Le philosophe slovène Slavoj Zizek, star des campus américains et habitué des blagues provocatrices, va encore plus loin en estimant que seule «la violence populaire» permettra aux classes défavorisées de se faire entendre dans des démocraties libérales. Žižek publie ce mois-ci en France un recueil des «plus beaux discours de Robespierre», précédé d’une longue introduction où il se demande comment «réinventer une terreur émancipatrice». Icône de la pop-philosophie, connu d’abord pour ses analyses du cinéma hollywoodien, l’homme est pourtant le contraire d’un nostalgique. Il a combattu en son temps le «socialisme réel» dans la Yougoslavie titiste et participé aux premiers pas de la démocratie slovène. Sa radicalisation semble montrer que le désenchantement démocratique ne saurait se réduire à une exception française.

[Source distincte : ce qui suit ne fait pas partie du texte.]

Lemma uniform_split (i : I) (x y : R) : i \in B ->
  \sum_(j in B) (#|B|%:R^-1 * (if j == i then x else y)) =
  y + #|B|%:R^-1 * (x - y).
Proof.
move=> iB; have Bn0 : B != finset.set0 by apply/set0Pn; exists i.
transitivity (\sum_(j in B) (#|B|%:R^-1 * y +
                #|B|%:R^-1 * ((if j == i then x else y) - y))).
  by apply: eq_bigr => j _; rewrite -mulrDr addrC subrK.
rewrite big_split /= uniform_split_const // (bigD1 i) //= eqxx big1 ?addr0 //.
by move=> j /andP[_ /negbTE ->]; rewrite subrr mulr0.
Qed.

End uniform_split.

Section one_round.
Context (R : realType) (k : nat) (i : 'I_k) (A : {set 'I_k})
  (W : {set 'I_k} -> \bar R) (v T M : R).
Hypotheses (iA : i \in A) (MT : M <= T)
  (W_ge : forall A' : {set 'I_k}, i \in A' -> (M%:E <= W A')%E).

(* If i wins the draw it gets v, otherwise it stays active and
   continues with value at least M; in the worst case all k agents select. *)
Lemma outcome_bound (B : {set 'I_k}) :
  B \subset A -> (i \in B) = (T <= v) ->
  ((M + k%:R^-1 * excess T v)%:E <=
   (if B == finset.set0 then W A
    else \sum_(j in B) ((#|B|%:R)^-1)%:E *
           (if j == i then v%:E else W (A :\ j))))%E.
Proof.
move=> BA iB_eq.
have W_rm j : j != i -> (M%:E <= W (A :\ j))%E.
  by move=> ji; apply: W_ge; rewrite in_setD1 eq_sym ji iA.
have [iB|iB] := boolP (i \in B).
- have Tv : T <= v by rewrite -iB_eq.
  have Bn0 : B != finset.set0 by apply/set0Pn; exists i.
  rewrite (negbTE Bn0).
  apply: (@le_trans _ _ (\sum_(j in B)
          ((#|B|%:R^-1 * (if j == i then v else M))%R)%:E)); last first.
    apply: lee_sum => j jB; rewrite EFinM; apply: lee_wpmul2l.
      by rewrite lee_fin invr_ge0 ler0n.
    by case: eqP => [_|/eqP ji]; [exact: lexx | exact: W_rm].
  rewrite sumEFin lee_fin uniform_split // lerD2l /excess max_l ?subr_ge0 //.
  have B_le_k : (#|B| <= k)%N by have := max_card (mem B); rewrite card_ord.
  apply: ler_pM; rewrite ?invr_ge0 ?ler0n ?subr_ge0 //.
  + rewrite lef_pV2 ?posrE ?ltr0n ?card_gt0 ?ler_nat //.
    exact: leq_ltn_trans (leq0n i) (ltn_ord i).
  + by rewrite lerD2l lerN2.
- have vT : v < T by rewrite ltNge -iB_eq iB.
  rewrite /excess max_r ?mulr0 ?addr0; last by rewrite subr_le0 ltW.
  case: ifP => [_|/negbT Bn0]; first exact: W_ge.
  rewrite -(uniform_split_const M Bn0) -sumEFin.
  apply: lee_sum => j jB; rewrite EFinM; apply: lee_wpmul2l.
    by rewrite lee_fin invr_ge0 ler0n.
  have ji : j != i by apply: contraNneq iB => <-.
  by rewrite (negbTE ji); exact: W_rm.
Qed.

Lemma round_value_ge (sig : 'I_k -> R) :
  (forall j, 0 <= sig j <= 1) -> sig i = (if T <= v then 1 else 0) ->
  ((M + k%:R^-1 * excess T v)%:E <= round_value i A sig W v)%E.
Proof.
move=> sig01 sig_i.
pose p (B : {set 'I_k}) := \prod_(j in A) (if j \in B then sig j else 1 - sig j).
have p_ge0 B : 0 <= p B.
  apply: prodr_ge0 => j _; have /andP[s0 s1] := sig01 j.
  by case: ifP; rewrite ?subr_ge0.
have -> : M + k%:R^-1 * excess T v =
          \sum_(B : {set 'I_k} | B \subset A) p B * (M + k%:R^-1 * excess T v).
  by rewrite -mulr_suml selection_prob_sum1 mul1r.
rewrite -sumEFin; apply: lee_sum => B BA; rewrite -/(p B).
have [->|pB0] := eqVneq (p B) 0; first by rewrite mul0r mul0e.
rewrite EFinM; apply: lee_wpmul2l; first by rewrite lee_fin.
apply: outcome_bound => //.
(* a selecting set of positive probability agrees with i's threshold rule *)
have : (if i \in B then sig i else 1 - sig i) != 0.
  by move: pB0; rewrite /p (bigD1 i) //=; apply: contra => /eqP ->; rewrite mul0r.
by rewrite sig_i; case: (i \in B); case: (T <= v); rewrite /= ?subrr ?eqxx.
Qed.
(* Let $E$ be a smooth functional on $\mathcal P(\Omega)$ that is $\beta$-strongly convex ($\beta\ge0$) with respect to the Fisher-Rao metric. Let $\rho_t,\rho^*$ be smooth positive probability densities with $\rho_t\ne\rho^*$, $R_t=\sqrt{\rho_t}$, $R^*=\sqrt{\rho^*}$, $H_t=\cos^{-1}\big(\int R_tR^*dx\big)$ and $$T_t(x)=\frac{2H_t}{\sin(H_t)}\,\frac{R^*(x)-R_t(x)\cos(H_t)}{R_t(x)}.$$ Then $$E(\rho^* )\ge E(\rho_t)+\int\Big(\frac{\delta E}{\delta\rho_t}-\mathbb{E}_{\rho_t}\Big[\frac{\delta E}{\delta\rho_t}\Big]\Big)T_t\rho_tdx+\frac\beta2\int T_t^2\rho_tdx.$$
   Context: Fisher-Rao metric: $g_\rho(\sigma_1,\sigma_2)=\int\Phi_1\rho(\Phi_2-\mathbb{E}_\rho[\Phi_2])dx$ where $\sigma_i=\rho(\Phi_i-\mathbb{E}_\rho[\Phi_i])$, and $\mathbb{E}_\rho[\Phi]=\int\Phi\rho dx$. $\beta$-strong convexity means $g_\rho(\mathrm{Hess}E(\rho)\sigma,\sigma)\ge\beta g_\rho(\sigma,\sigma)$ for all $\rho$ and all $\sigma$ with $\int\sigma=0$, with Hessian w.r.t. the Fisher-Rao metric (equivalently $\frac{d^2}{ds^2}E(\gamma(s))\ge\beta g(\dot\gamma,\dot\gamma)$ along Fisher-Rao geodesics). $\frac{\delta E}{\delta\rho}$ is the $L^2$ first variation. *)

From HB Require Import structures.
From mathcomp Require Import all_boot all_order all_algebra.
From mathcomp Require Import all_classical all_reals all_analysis.
Set Implicit Arguments. Unset Strict Implicit. Unset Printing Implicit Defensive.
Import Order.TTheory GRing.Theory Num.Theory numFieldNormedType.Exports.
Local Open Scope classical_set_scope.
Local Open Scope ring_scope.

Section FR.
Context {d : measure_display} {T : measurableType d} {R : realType}.
Variable mu : {measure set T -> \bar R}.

Definition pos_density (rho : T -> R) : Prop :=
  [/\ measurable_fun setT rho, (forall x, 0 < rho x),
      mu.-integrable setT (EFin \o rho) & (\int[mu]_x (rho x)%:E = 1)%E].

(** rho0 <> rho1 as elements of P(Omega), i.e. not equal mu-a.e. *)
Definition dens_neq (rho0 rho1 : T -> R) : Prop :=
  ~ {ae mu, forall x, rho0 x = rho1 x}.

Definition expect (rho Phi : T -> R) : R := Rintegral mu setT (fun x => Phi x * rho x).

(** Fisher-Rao metric g_rho(sigma1,sigma2) = int Phi1 rho (Phi2 - E_rho[Phi2]),
    with sigma_i = rho (Phi_i - E_rho[Phi_i]); we take the representative Phi_i = sigma_i/rho. *)
Definition FR_metric (rho sigma1 sigma2 : T -> R) : R :=
  let Phi1 := fun x => sigma1 x / rho x in
  let Phi2 := fun x => sigma2 x / rho x in
  Rintegral mu setT (fun x => Phi1 x * rho x * (Phi2 x - expect rho Phi2)).

Definition FR_angle (rho0 rho1 : T -> R) : R :=
  acos (Rintegral mu setT (fun x => Num.sqrt (rho0 x) * Num.sqrt (rho1 x))).

Definition FR_geodesic (rho0 rho1 : T -> R) (s : R) : T -> R :=
  let H := FR_angle rho0 rho1 in
  fun x => ((sin ((1 - s) * H) * Num.sqrt (rho0 x) + sin (s * H) * Num.sqrt (rho1 x))
            / sin H) ^+ 2.

Definition FR_velocity (rho0 rho1 : T -> R) (s : R) : T -> R :=
  fun x => derive1 (fun r => FR_geodesic rho0 rho1 r x) s.

Definition along (E : (T -> R) -> R) (rho0 rho1 : T -> R) : R -> R :=
  fun s => E (FR_geodesic rho0 rho1 s).

(** Smoothness of E together with dE being its (L^2) first variation,
    expressed along all Fisher-Rao geodesics:
    s |-> E(gamma s) is C^1 on [0,1], twice differentiable on ]0,1[, and
    d/ds E(gamma s) = int dE(gamma s) * d/ds gamma(s). *)
Definition FR_smooth (E : (T -> R) -> R) (dE : (T -> R) -> T -> R) : Prop :=
  forall rho0 rho1, pos_density rho0 -> pos_density rho1 -> dens_neq rho0 rho1 ->
  let f := along E rho0 rho1 in
  let fd := fun s => Rintegral mu setT
              (fun x => dE (FR_geodesic rho0 rho1 s) x * FR_velocity rho0 rho1 s x) in
  [/\ (forall s, 0 <= s <= 1 -> mu.-integrable setT
         (fun x => (dE (FR_geodesic rho0 rho1 s) x * FR_velocity rho0 rho1 s x)%:E)),
      {within `[0, 1], continuous f},
      {within `[0, 1], continuous fd},
      (forall s, 0 < s < 1 -> derivable f s 1 /\ derive1 f s = fd s) &
      (forall s, 0 < s < 1 -> derivable (derive1 f) s 1)].

(** beta-strong convexity w.r.t. Fisher-Rao, in geodesic form:
    d^2/ds^2 E(gamma s) >= beta g(gamma', gamma'). *)
Definition FR_strongly_convex (E : (T -> R) -> R) (beta : R) : Prop :=
  forall rho0 rho1, pos_density rho0 -> pos_density rho1 -> dens_neq rho0 rho1 ->
  forall s, 0 < s < 1 ->
    derive1n 2 (along E rho0 rho1) s >=
      beta * FR_metric (FR_geodesic rho0 rho1 s)
               (FR_velocity rho0 rho1 s) (FR_velocity rho0 rho1 s).

Definition FR_T (rhot rhos : T -> R) : T -> R :=
  let H := FR_angle rhot rhos in
  fun x => (2 * H / sin H) * ((Num.sqrt (rhos x) - Num.sqrt (rhot x) * cos H)
                              / Num.sqrt (rhot x)).

End FR.

From HB Require Import structures.
From mathcomp Require Import all_boot all_order all_algebra.
From mathcomp Require Import all_classical all_reals all_analysis.
From mathcomp Require Import ring lra.
Import Order.TTheory GRing.Theory Num.Theory numFieldNormedType.Exports.
Local Open Scope classical_set_scope.
Local Open Scope ring_scope.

«Arrogance occidentale». C’est que, un peu partout sur la planète, les processus de démocratisation connaissent des ratés, d’ordres divers, qui mettent à mal la «promotion de la démocratie», pour reprendre le vocabulaire en usage à l’ONU depuis les années 90 : l’Irak et l’Afghanistan, mais aussi la Russie reprise en main par Poutine, l’Algérie ou la Palestine où les islamistes se sont vus confisquer leurs victoires gagnées par les urnes. Ou encore, la montée des populismes en Pologne, au Danemark, en Belgique. Voire une Amérique qui, pour imposer la démocratie, n’a pas hésité à transgresser les principes élémentaires du droit. De quoi nourrir pour un bon moment le débat. Car, qu’on le veuille ou non, celui-ci est ouvert. Dans le numéro de janvier de la revue Esprit, Pierre Rosanvallon pointait «une certaine arrogance occidentale et un certain aveuglement sur la nature et les problèmes de la démocratie.» En publiant les interviews de Marcel Gauchet et Slavoj Zizek, Libération verse deux pièces au dossier.